California Women Lawyers announced its opposition Friday. “After a careful review of Judge Alito’s writings and decisions, CWL advised the Senate Judiciary chair and Sen. Dianne Feinstein that Judge Alito’s record has not demonstrated the kind of fairness, independence and considered judgment that the American people should be able to expect from a United States Supreme Court nominee,? said the group’s president, Pearl Gondrella Mann, in a written statement.

BASF announced Tuesday that its board had voted 23-2 to oppose the nomination. The board cited Alito’s views on reproductive freedom and privacy; civil rights and discrimination; separation of church and state; civil liberties and limits on Congressional power as the basis for their opposition. Those views “are incompatible with existing precedents and by degrees, may deviate from faithful application of core tenets of the Constitution recognized by this Bar Association,? the board said in a statement.

Scott Graham


2 Responses to “Two Bar Groups Say No on Alito”

  1. Vish Says:

    I’m not a lawyer, but I’ve enjoyed reading this, and am subscribing. As for Alito, good grief…

  2. confidentialservices Says:

    I’m also not an attorney, and I to have enjoyed reading this and all of your recent posts. I would like to say that I dissagre about the post’s assesment of Judge Samuel Alito.

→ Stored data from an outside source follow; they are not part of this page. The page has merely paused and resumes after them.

Lemma iso_msub_preim_fst Q B (A : {set mcar Q}) : lstable A ->
  iso (mprod (msub A) B) (msub (@fst _ _ @^-1: A : {set mcar (mprod Q B)})).
Proof.
set A' := _ @^-1: A => stA; have stA' := lstable_preim_fst (B := B) stA.
have mem1 (x : mcar (@msub (mprod Q B) A')) : (val x).1 \in A by move: (valP x); rewrite inE.
have mem2 (y : mcar (mprod (msub A) B)) : (val y.1, y.2) \in A' by rewrite inE; exact: valP.
exists (fun y => Sub (val y.1, y.2) (mem2 y)); split.
  exists (fun x => (Sub (val x).1 (mem1 x), (val x).2)) => [[a b]|x].
    by congr pair; apply: val_inj.
  by apply: val_inj => /=; case: (val x).
move=> y y'; apply: val_inj; rewrite [RHS]msub_val // !SubK.
by congr pair; exact: msub_val.
Qed.

(** * Embeddings and marks *)

Definition embeddings (C Q : magma) : {set {ffun mcar C -> mcar Q}} :=
  [set f : {ffun mcar C -> mcar Q} |
    injectiveb f && [forall a, forall b, f (mop a b) == mop (f a) (f b)]].

Definition maps_into C Q (A : {set mcar Q}) : {set {ffun mcar C -> mcar Q}} :=
  [set f : {ffun mcar C -> mcar Q} | [forall c, f c \in A]].

Lemma embeddingsP C Q (f : {ffun mcar C -> mcar Q}) :
  f \in embeddings C Q <-> injective f /\ forall a b, f (mop a b) = mop (f a) (f b).
Proof.
rewrite inE; split => [/andP [/injectiveP finj /'forall_forallP fhom]|[finj fhom]].
  by split=> // a b; apply/eqP.
by apply/andP; split; [exact/injectiveP | apply/'forall_forallP => a b; rewrite fhom].
Qed.
Lemma f2_integrand_nonneg s : a0 <= s -> 0 <= f2_integrand a a0 L N s.
Proof.
intros Hs. destruct (f2_integrand_bounds s Hs) as [Hlow _].
eapply Rle_trans; [| exact Hlow]. pose proof (Rpower_pos s (-(beta + 1))).
apply Rmult_le_pos; [apply Rlt_le, Rdiv_lt_0_compat; [apply exp_pos | apply L2M_pos] | lra].
Qed.

Lemma RInt_f2_integrand_incr x y : a0 <= x -> x <= y ->
  RInt (f2_integrand a a0 L N) a0 x <= RInt (f2_integrand a a0 L N) a0 y.
Proof.
intros Hx Hxy.
rewrite <- (RInt_Chasles (V:=R_CompleteNormedModule) _ a0 x y) by apply ex_RInt_f2_integrand.
assert (0 <= RInt (f2_integrand a a0 L N) x y).
{ apply RInt_ge_0; [exact Hxy | apply ex_RInt_f2_integrand |].
  intros s Hs. apply f2_integrand_nonneg. lra. }
change (plus ?u ?v) with (u + v). lra.
Qed.

Lemma RInt_f2_integrand_le x : a0 <= x ->
  RInt (f2_integrand a a0 L N) a0 x <= / L2m / (beta * Rpower a0 beta).
Proof.
intros Hx. eapply Rle_trans; [apply Rle_abs |].
apply abs_RInt_le_Rpower_tail; try lra;
  [left; apply Rinv_0_lt_compat, hL2m | apply ex_RInt_f2_integrand |].
intros s Hs. rewrite Rabs_right by (apply Rle_ge, f2_integrand_nonneg; lra).
apply f2_integrand_bounds. lra.
Qed.

Lemma RInt_f2_integrand_ge x : a0 <= x ->
  c / (beta * Rpower a0 beta) - c / beta * Rpower x (-beta)
  <= RInt (f2_integrand a a0 L N) a0 x.
Proof.
intros Hx.
assert (HI : is_RInt (fun s => c * Rpower s (-(beta + 1))) a0 x
               (c * ((/ Rpower a0 beta - / Rpower x beta) / beta)))
  by (apply (is_RInt_scal (fun s => Rpower s _)), is_RInt_Rpower_tail; assumption).
apply Rle_trans with (RInt (fun s => c * Rpower s (-(beta + 1))) a0 x).
- rewrite (is_RInt_unique _ _ _ _ HI), Rpower_Ropp.
  pose proof (Rpower_pos a0 beta); pose proof (Rpower_pos x beta). right. field. lra.
- apply RInt_le; [exact Hx | eexists; exact HI | apply ex_RInt_f2_integrand |].
  intros s Hs. apply f2_integrand_bounds. lra.
Qed.

Lemma RInt_f2_integrand_limit : exists l : R,
  is_lim (fun x => RInt (f2_integrand a a0 L N) a0 x) p_infty l
  /\ (forall x, a0 <= x -> 0 <= RInt (f2_integrand a a0 L N) a0 x <= l)
  /\ c / (beta * Rpower a0 beta) <= l.
Proof.
destruct (is_lim_incr_bounded _ a0 _ RInt_f2_integrand_incr RInt_f2_integrand_le)
  as [l [Hlim Hle]].
exists l. split; [exact Hlim | split].
- intros x Hx. split; [| apply Hle, Hx].
  apply RInt_ge_0; [exact Hx | apply ex_RInt_f2_integrand |].
  intros s Hs. apply f2_integrand_nonneg. lra.
- apply (le_lim_of_Rpower_gap _ (c / beta) beta l a0 hbeta).
  intros x Hx. eapply Rle_trans; [apply RInt_f2_integrand_ge, Hx | apply Hle, Hx].
Qed.

End Profile.

Definition ratio_gap_bound beta sigma L2m N2M bL bN d a0 :=
  bN * d / L2m / ((beta - 1) * Rpower a0 (beta - 1))
  + N2M * bL * d / L2m ^ 2 / ((2 * beta - sigma - 1) * Rpower a0 (2 * beta - sigma - 1)).

Definition f2_gap_bound a beta sigma L2m N2M bL bN d a0 :=
  a0 * a * ratio_gap_bound beta sigma L2m N2M bL bN d a0 / L2m / (beta * Rpower a0 beta)
  + bL * d / L2m ^ 2 / (2 * beta * Rpower a0 (2 * beta)).

Section Gap.

Variables (a a0 beta sigma L2m N2M bL bN d : R) (L1 N1 L2 N2 : R -> R).
Hypotheses (ha : 0 < a) (ha0 : 0 < a0) (hbeta : 1 < beta) (hbs : sigma + 1 < beta)
  (hL2m : 0 < L2m) (hbL : 0 <= bL) (hbN : 0 <= bN) (hd : 0 <= d)
  (hL1c : contOn a0 L1) (hN1c : contOn a0 N1) (hL2c : contOn a0 L2) (hN2c : contOn a0 N2)
  (hN1pos : forall x, a0 <= x -> 0 < N1 x) (hN2pos : forall x, a0 <= x -> 0 < N2 x)
  (hL1low : forall x, a0 <= x -> L2m * Rpower x beta <= L1 x)
  (hL2low : forall x, a0 <= x -> L2m * Rpower x beta <= L2 x)
  (hN1up : forall x, a0 <= x -> N1 x <= N2M * Rpower x sigma)
  (hN2up : forall x, a0 <= x -> N2 x <= N2M * Rpower x sigma)
  (hdL : forall x, a0 <= x -> Rabs (L1 x - L2 x) <= bL * d)
  (hdN : forall x, a0 <= x -> Rabs (N1 x - N2 x) <= bN * d).

Let D := ratio_gap_bound beta sigma L2m N2M bL bN d a0.

Lemma nl_ratio_gap s : a0 <= s ->
  Rabs (nl_ratio a0 L1 N1 s - nl_ratio a0 L2 N2 s)
  <= bN * d / L2m * Rpower s (-((beta - 1) + 1))
     + N2M * bL * d / L2m ^ 2 * Rpower s (-((2 * beta - sigma - 1) + 1)).
Proof.
intros Hs. unfold nl_ratio. rewrite !Rmax_left by lra.
pose proof (Rpower_pos s beta); pose proof (Rpower_pos s sigma).
assert (Hm : 0 < L2m * Rpower s beta) by (apply Rmult_lt_0_compat; lra).
pose proof (hL1low s Hs); pose proof (hL2low s Hs).
pose proof (hN2pos s Hs); pose proof (hN2up s Hs).
replace (N1 s / L1 s - N2 s / L2 s)
  with ((N1 s - N2 s) / L1 s + N2 s * (L2 s - L1 s) / (L1 s * L2 s)) by (field; lra).
replace (-((beta - 1) + 1)) with (-(beta - 0)) by ring.
replace (-((2 * beta - sigma - 1) + 1)) with (-((beta + beta) - sigma)) by ring.
rewrite !Rpower_opp_sub, Rpower_plus, Rpower_O by exact (Rlt_le_trans _ _ _ ha0 Hs).
eapply Rle_trans; [apply Rabs_triang | apply Rplus_le_compat].
- eapply Rle_trans; [apply (Rabs_div_le _ _ (L2m * Rpower s beta) (bN * d)); auto; lra |].
  right. field. lra.
- eapply Rle_trans.
  { apply (Rabs_div_le _ _ ((L2m * Rpower s beta) * (L2m * Rpower s beta))
             (N2M * Rpower s sigma * (bL * d))); [nra | apply Rmult_le_compat; lra |].
    rewrite Rabs_mult, (Rabs_right (N2 s)) by lra.
    apply Rmult_le_compat; try lra; [apply Rabs_pos |].
    rewrite Rabs_minus_sym. apply hdL, Hs. }
  right. field. lra.
Qed.

Lemma nl_integral_gap x : a0 <= x ->
  Rabs (nl_integral a0 L1 N1 x - nl_integral a0 L2 N2 x) <= D.
Proof.
intros Hx. unfold nl_integral.
pose proof (ex_RInt_nl_ratio a0 beta L2m L1 N1 hL2m hL1c hN1c hL1low a0 x) as I1.
pose proof (ex_RInt_nl_ratio a0 beta L2m L2 N2 hL2m hL2c hN2c hL2low a0 x) as I2.
rewrite <- (RInt_minus (V:=R_CompleteNormedModule)) by assumption.
pose proof (N2M_pos a0 sigma N2M N1 hN1pos hN1up).
apply abs_RInt_le_Rpower_tails; try lra.
- apply Rmult_le_pos; [apply Rmult_le_pos | left; apply Rinv_0_lt_compat]; lra.
- apply Rmult_le_pos; [repeat apply Rmult_le_pos | left; apply Rinv_0_lt_compat, pow_lt]; lra.
- apply (ex_RInt_minus (V:=R_NormedModule)); assumption.
- intros s Hs. apply nl_ratio_gap. lra.
Qed.

Lemma e2_ext_gap x : a0 <= x ->
  Rabs (e2_ext a a0 L1 N1 x - e2_ext a a0 L2 N2 x) <= a0 * a * D.
Proof.
intros Hx. assert (Ha0a : 0 < a0 * a) by nra.
destruct (nl_integral_bounds a0 beta sigma L2m N2M L1 N1) with (x := x) as [G1 _]; auto.
destruct (nl_integral_bounds a0 beta sigma L2m N2M L2 N2) with (x := x) as [G2 _]; auto.
unfold e2_ext. eapply Rle_trans; [apply exp_opp_lipschitz; nra |].
rewrite <- Rmult_minus_distr_l, Rabs_mult, (Rabs_right (a0 * a)) by lra.
apply Rmult_le_compat_l; [lra | apply nl_integral_gap, Hx].
Qed.

Lemma f2_integrand_gap s : a0 <= s ->
  Rabs (f2_integrand a a0 L1 N1 s - f2_integrand a a0 L2 N2 s)
  <= a0 * a * D / L2m * Rpower s (-(beta + 1))
     + bL * d / L2m ^ 2 * Rpower s (-((2 * beta) + 1)).
Proof.
intros Hs. assert (Hs0 : 0 < s) by lra.
destruct (e2_ext_bounds a a0 beta sigma L2m N2M L2 N2) with (x := s) as [E20 E21]; auto; try lra.
pose proof (exp_pos (- (a0 * a * ratio_integral_bound beta sigma L2m N2M a0))).
unfold f2_integrand. rewrite !Rmax_left, !Rpower_opp_succ by lra.
replace (2 * beta) with (beta + beta) by ring. rewrite Rpower_plus.
set (E1 := e2_ext a a0 L1 N1 s) in *. set (E2 := e2_ext a a0 L2 N2 s) in *.
pose proof (Rpower_pos s beta).
assert (Hm : 0 < L2m * Rpower s beta) by (apply Rmult_lt_0_compat; lra).
pose proof (hL1low s Hs); pose proof (hL2low s Hs).
replace (E1 / (s * L1 s) - E2 / (s * L2 s))
  with ((E1 - E2) / (s * L1 s) + E2 * (L2 s - L1 s) / (s * (L1 s * L2 s)))
  by (field; repeat split; lra).
eapply Rle_trans; [apply Rabs_triang | apply Rplus_le_compat].
- eapply Rle_trans.
  { apply (Rabs_div_le _ _ (s * (L2m * Rpower s beta)) (a0 * a * D));
      [apply Rmult_lt_0_compat; lra | apply Rmult_le_compat_l; lra |].
    apply e2_ext_gap, Hs. }
  right. field. lra.
- eapply Rle_trans.
  { apply (Rabs_div_le _ _ (s * ((L2m * Rpower s beta) * (L2m * Rpower s beta)))
             (1 * (bL * d)));
      [repeat apply Rmult_lt_0_compat; lra
      | apply Rmult_le_compat_l; [lra | apply Rmult_le_compat; lra] |].
    rewrite Rabs_mult, (Rabs_right E2) by lra.
    apply Rmult_le_compat; try lra; [apply Rabs_pos |].
    rewrite Rabs_minus_sym. apply hdL, Hs. }
  right. field. lra.
Qed.

Lemma RInt_f2_integrand_gap x : a0 <= x ->
  Rabs (RInt (f2_integrand a a0 L1 N1) a0 x - RInt (f2_integrand a a0 L2 N2) a0 x)
  <= f2_gap_bound a beta sigma L2m N2M bL bN d a0.
Proof.
intros Hx.
pose proof (ex_RInt_f2_integrand a a0 beta L2m L1 N1 ha0 hL2m hL1c hN1c hL1low a0 x) as I1.
pose proof (ex_RInt_f2_integrand a a0 beta L2m L2 N2 ha0 hL2m hL2c hN2c hL2low a0 x) as I2.
rewrite <- (RInt_minus (V:=R_CompleteNormedModule)) by assumption.
assert (HD : 0 <= D)
  by (eapply Rle_trans; [apply Rabs_pos | apply (nl_integral_gap a0 (Rle_refl a0))]).
apply abs_RInt_le_Rpower_tails; try lra.
- apply Rmult_le_pos; [apply Rmult_le_pos; [apply Rmult_le_pos; lra | exact HD] |].
  left; apply Rinv_0_lt_compat, hL2m.
- apply Rmult_le_pos; [apply Rmult_le_pos | left; apply Rinv_0_lt_compat, pow_lt]; lra.
- apply (ex_RInt_minus (V:=R_NormedModule)); assumption.
- intros s Hs. apply f2_integrand_gap. lra.
Qed.

End Gap.

Lemma F2inf_spec a a0 beta sigma L2m L2M N2M LS NS f :
  0 < a -> 0 < a0 -> 0 < beta -> sigma + 1 < beta -> 0 < L2m ->
  contOn a0 (LS f) -> contOn a0 (NS f) -> (forall x, a0 <= x -> 0 < NS f x) ->
  (forall x, a0 <= x -> L2m * Rpower x beta <= LS f x) ->
  (forall x, a0 <= x -> NS f x <= N2M * Rpower x sigma) ->
  (forall x, a0 <= x -> LS f x <= L2M * Rpower x beta) ->
  is_lim (fun x => F2 a LS NS a0 x f) p_infty (F2inf a LS NS a0 f)
  /\ (forall x, a0 <= x -> 0 <= F2 a LS NS a0 x f <= F2inf a LS NS a0 f)
  /\ exp (- (a0 * a * ratio_integral_bound beta sigma L2m N2M a0)) / L2M
       / (beta * Rpower a0 beta) <= F2inf a LS NS a0 f.
Proof.
intros ha ha0 hbeta hbs hL2m hLc hNc hNpos hLlow hNup hLup.
destruct (RInt_f2_integrand_limit a a0 beta sigma L2m L2M N2M (LS f) (NS f))
  as [l [Hlim [Hbd Hlow]]]; auto.
assert (HlimF : is_lim (fun x => F2 a LS NS a0 x f) p_infty l).
{ apply (is_lim_ext_loc (fun x => RInt (f2_integrand a a0 (LS f) (NS f)) a0 x));
    [| exact Hlim].
  exists a0. intros x Hx. symmetry. apply F2_as_RInt. lra. }
assert (Hl : F2inf a LS NS a0 f = l)
  by (unfold F2inf; rewrite (is_lim_unique _ _ _ HlimF); reflexivity).
rewrite Hl. split; [exact HlimF | split; [| exact Hlow]].
intros x Hx. rewrite F2_as_RInt by exact Hx. apply Hbd, Hx.
Qed.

    I watched as much as I could of the confirmation hearings personally, and I found him to be very personalble and forthcoming in his responses except where I feel that any more disclosure would have been improper. Having said that I’m not an attorney, I am a private investigator and reasonably familiar with law in general, and the legal process, and I find it significant that the American Bar Association several judges who by their own claim are liberal came forward in his support. I noted one in particular, a black man who openly stated that he was a pro choice activist. This individual addressed both the question of weather Judge Alito was capable of ruling fairly on abortion cases, and that of weather Alito could rule fairly on civil rights issues. The Judge reported to the committee that Alito dispite his dissagreement on some issues, not only could, but that he had a proven track record of such. I think the difference that the California Women Lawyers and the San Francisco Bar Associations have with Alito are based in disparities between the legal cultures between the jurisdictions where each operates. The legal culture in California in particular and the rest of the west coast to a lesser degree has made no apology or attemt to conceal its extream liberal bias, whereas the legal cultures in the parts of the United States served by the Third Circuit Court of Appeals is more conservatively based. As we all know, the sum of our own backgrounds filters our perception of the world and in this circumstance, our view of what is or what is not appropriate in the judges decisions. The culture in which we studied the legal system would certainly be a part of the sum of our backgrounds.

    That said, I reiterate that I enjoy your writings, and I will be looking in on them as often as I can. Keep up the good work.